Google's DeepMind algorithm just got one step closer to behaving like a human.
DeepMind has gotten scarily smart in recent months - and we're not just talking "computer smart," but more like "human smart." Just in 2016 the algorithm defeated the world champion at Go - something which was thought to be impossible as Go is hugely more complex than chess - by not only learning from previous games, but also by developing its own, completely novel strategies.
You see, unlike IBM's Deep Blue or Watson, which were developed with a predefined purpose, DeepMind has no purpose. It simply learns from its surroundings, takes in information, and develops its own approach to different tasks. Technically, that's called deep learning on a convolutional neural network. For instance, without altering the code in any way, DeepMind quickly learned how to play simple arcade games such as Space Invaders just by observing the game.
But that's not all the algorithm does. Google let it in charge of its electricity management, and saved a whopping 15% of all costs - they believe many other companies and even households could benefit from it. Currently, the algorithm is involved in two other projects: with the Moorfields Eye Hospital, to search for early signs of diseases leading to blindness, and with the University College London Hospital to automatically differentiate between healthy and cancerous cells in the head and neck areas.

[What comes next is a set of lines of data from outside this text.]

Lemma IC_prob_sum1 (R : realType) (n : nat) (w : 'I_n -> 'I_n -> R) :
  \sum_(g : IC_space n) IC_prob w g = 1.
Proof.
rewrite -(bigA_distr_bigA (fun e (b : bool) => if b then w e.1 e.2 else 1 - w e.1 e.2)) /=.
by apply: big1 => e _; rewrite big_bool /= addrC subrK.
Qed.

Lemma LT_prob_ge0 (R : realType) (n : nat) (w : 'I_n -> 'I_n -> R) (sw : 'I_n -> R)
    (g : LT_space n) :
  LT_weights w sw -> 0 <= LT_prob w sw g.
Proof.
move=> [w_ge0 [sw_ge0 W_gt0]]; apply: prodr_ge0 => v _.
by case: (g v) => [u|]; rewrite divr_ge0 // ltW.
Qed.

Lemma LT_prob_sum1 (R : realType) (n : nat) (w : 'I_n -> 'I_n -> R) (sw : 'I_n -> R) :
  LT_weights w sw -> \sum_(g : LT_space n) LT_prob w sw g = 1.
Proof.
move=> [_ [_ W_gt0]].
rewrite -(bigA_distr_bigA (fun v (o : option 'I_n) =>
  if o is Some u then w u v / LT_W w sw v else sw v / LT_W w sw v)) /=.
apply: big1 => v _; rewrite big_option /= -mulr_suml -mulrDl.
by rewrite divff // gt_eqF //; apply: W_gt0.
Qed.

Theorem lemma6p5 (R : realType) (n : nat) (w : 'I_n -> 'I_n -> R) (sw : 'I_n -> R)
    (eps delta x : R) :
  (0 < n)%N -> 0 < eps -> 0 < delta < 1 -> 4 * eps <= x ->
  (* Independent Cascade model *)
  (IC_weights w ->
   Imax (IC_prob w) (@IC_live n) <= x * n%:R ->
   1 - delta2 n delta <=
   probEvent (IC_prob w) (numRR n eps delta x)
     (fun S => [forall u : 'I_n,
        (influence (IC_prob w) (@IC_live n) u <= (x - 2 * eps) * n%:R) ==>
        (fracRR (@IC_live n) S u <= x - eps)]))
  /\
  (* Linear Threshold model *)
  (LT_weights w sw ->
   Imax (LT_prob w sw) (@LT_live n) <= x * n%:R ->
   1 - delta2 n delta <=
   probEvent (LT_prob w sw) (numRR n eps delta x)
     (fun S => [forall u : 'I_n,
        (influence (LT_prob w sw) (@LT_live n) u <= (x - 2 * eps) * n%:R) ==>
        (fracRR (@LT_live n) S u <= x - eps)])).
Proof.
move=> n_gt0 eps_gt0 delta01 x_ge; split => [w01 _ | w_LT _].
  apply: RR_fraction_bound => //; first by move=> g; apply: IC_prob_ge0.
  exact: IC_prob_sum1.
apply: RR_fraction_bound => //; first by move=> g; apply: LT_prob_ge0.
exact: LT_prob_sum1.
Qed.
Lemma band_le_N (s : 'I_S) : (boff L s + L s <= N)%N.
Proof. by case: hL => _ <-; exact: boff_add_le. Qed.

Lemma inblock_uniq (s s' : 'I_S) j : inblock L s j -> inblock L s' j -> s = s'.
Proof.
have before (t t' : 'I_S) : (t < t')%N -> (boff L t + L t <= boff L t')%N.
  by move=> tt'; apply: boff_add_le => // r rt; exact: ltn_trans rt tt'.
rewrite /inblock => /andP[? ?] /andP[? ?].
by case: (ltngtP s s') => [/before|/before|/val_inj //]; lia.
Qed.

Lemma inblock_exists j : (j < N)%N -> exists s : 'I_S, inblock L s j.
Proof.
suff cover m : (m <= S)%N -> (j < \sum_(t : 'I_S | (t < m)%N) L t)%N ->
    exists s : 'I_S, inblock L s j.
  move=> jN; apply: (cover S) => //.
  suff -> : (\sum_(t : 'I_S | (t < S)%N) L t = N)%N by [].
  by case: hL => _ <-; apply: eq_bigl => t; rewrite ltn_ord.
elim: m => [|m IHm] mS; first by rewrite big_pred0.
have sum_split :
    (\sum_(t : 'I_S | (t < m.+1)%N) L t = L (Ordinal mS) + boff L (Ordinal mS))%N.
  rewrite (bigD1 (Ordinal mS)) //=; congr (_ + _); apply: eq_bigl => t.
  by rewrite ltnS -val_eqE /= andbC -ltn_neqAle.
rewrite sum_split => j_lt; have [j_lt'|j_ge] := ltnP j (boff L (Ordinal mS)).
  exact: IHm (ltnW mS) j_lt'.
by exists (Ordinal mS); rewrite /inblock j_ge addnC.
Qed.

Lemma block_index :
  exists bl : 'I_N -> 'I_S, forall s (i : 'I_N), inblock L s i = (s == bl i).
Proof.
have /fin_all_exists [bl blP] := fun i : 'I_N => inblock_exists (ltn_ord i).
exists bl => s i; apply/idP/eqP => [/inblock_uniq/(_ (blP i)) // | ->]; exact: blP.
Qed.

Section Band.
Variable s : 'I_S.
Local Notation n := (L s).
Local Notation inb := (inblock L s).

Fact band_emb_subproof (c : 'I_n) : (boff L s + c < N)%N.
Proof. by apply: leq_trans (band_le_N s); rewrite ltn_add2l. Qed.

Definition band_emb (c : 'I_n) : 'I_N := Ordinal (band_emb_subproof c).

Lemma inblock_emb c : inb (band_emb c).
Proof. by rewrite /inblock /= leq_addr ltn_add2l ltn_ord. Qed.

Lemma inblockP (i : 'I_N) : inb i -> exists c, i = band_emb c.
Proof.
rewrite /inblock => /andP[lo hi].
have c_lt : (i - boff L s < n)%N by lia.
by exists (Ordinal c_lt); apply: val_inj; rewrite /= subnKC.
Qed.

Lemma sum_band (V : nmodType) (F : 'I_N -> V) :
  (forall i : 'I_N, ~~ inb i -> F i = 0) -> \sum_i F i = \sum_c F (band_emb c).
Proof.
move=> F0; rewrite (bigID (fun i : 'I_N => inb i)) /=.
rewrite [X in _ + X]big1 ?addr0 => [|i /F0 //].
rewrite (reindex_omap band_emb (fun i => insub (i - boff L s)%N)) => [|i /inblockP [c ->]].
  by apply: eq_bigl => c; rewrite inblock_emb /= addKn valK eqxx.
by rewrite /= addKn valK.
Qed.

End Band.
End Bands.
(* Let $\Gamma=\langle x,y,z\mid xy^{-1}=zx^{-1},\ yz^{-1}=zy^{-1}\rangle$ with generating set $\Delta=\{x,y,z\}$. Then $W=W_xU_x+W_yU_y+W_zU_z$ is a homogeneous scalar quantum walk on $C_\Delta(\Gamma)$ if and only if, up to a global phase, $W_x=\cos\phi$, $W_y=\frac{1+i(-1)^q}{2}\sin\phi$, $W_z=-\frac{1-i(-1)^q}{2}\sin\phi$ for some real $\phi$ and some integer $q$ (with these values nonzero). In particular such a walk exists.
   Context: The Cayley graph $C_\Delta(\Gamma)$ has vertex set $\Gamma$ and directed edges $(g,g\delta)$, $g\in\Gamma,\delta\in\Delta$. Let $\ell^2(\Gamma)$ have orthonormal basis $\{|g\rangle\}_{g\in\Gamma}$ and for $\delta\in\Gamma$ let $U_\delta|g\rangle=|g\delta\rangle$. A homogeneous scalar quantum walk on $C_\Delta(\Gamma)$ is a unitary operator $W=\sum_{\delta\in\Delta}W_\delta U_\delta$ with all complex coefficients $W_\delta$ nonzero. ''Up to a global phase'' means that all coefficients may be multiplied by a common complex number of modulus one. *)

From Stdlib Require Import Reals ZArith.
From Coquelicot Require Import Coquelicot.

Record Grp := {
  carrier :> Type;
  gmul : carrier -> carrier -> carrier;
  ginv : carrier -> carrier;
  gone : carrier;
  gmulA : forall a b c, gmul a (gmul b c) = gmul (gmul a b) c;
  gmul1 : forall a, gmul gone a = a;
  gmulV : forall a, gmul (ginv a) a = gone
}.

Definition is_hom (G H : Grp) (f : G -> H) : Prop :=
  forall a b : G, f (gmul G a b) = gmul H (f a) (f b).

Definition gamma_rel (H : Grp) (a b c : H) : Prop :=
  gmul H a (ginv H b) = gmul H c (ginv H a) /\
  gmul H b (ginv H c) = gmul H c (ginv H b).

(* (G; x, y, z) is the group presented by <x,y,z | xy^-1 = zx^-1, yz^-1 = zy^-1>,
   characterised by its universal property. *)
Definition is_Gamma (G : Grp) (x y z : G) : Prop :=
  gamma_rel G x y z /\
  (forall (H : Grp) (a b c : H), gamma_rel H a b c ->
     exists f : G -> H, is_hom G H f /\ f x = a /\ f y = b /\ f z = c) /\
  (forall (H : Grp) (f g : G -> H), is_hom G H f -> is_hom G H g ->
     f x = g x -> f y = g y -> f z = g z -> forall t, f t = g t).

DeepMind is so smart that engineers working with it are considering installing a kill switch in case the algorithm goes rogue. But in the meantime, they're teaching it how to ride the subway.
The London tube
The London subway, or the Tube as locals call it, is one of the most complex in the world. As any tourist will gladly tell you, it's not easy to navigate it and you can easily get lost in the traffic and the rush. DeepMind didn't know anything about the subway or about navigating public transportation. To make it navigate a subway model they had to think outside the box and so they did.
They developed a neural network which works with an external memory. The combination allows the neural network not only to learn, but to use memory to store and recall facts to make inferences like a conventional algorithm. This is exactly the type of technology which allows it to learn how to accomplish tasks without previous knowledge. Again - for a pre-programmed algorithm, this would be an easy task. But for an algorithm without any related programming, it's a whole new ball game.
This has intriguing consequences. Sure, going from Picadilly to Westminster is not going to change the world, but it does indicate that algorithms are starting to become more and more human-like. Where DeepMind will take off next is anyone's guess.
The paper was published in Nature on 12 October. Journal Reference: Hybrid computing using a neural network with dynamic external memory.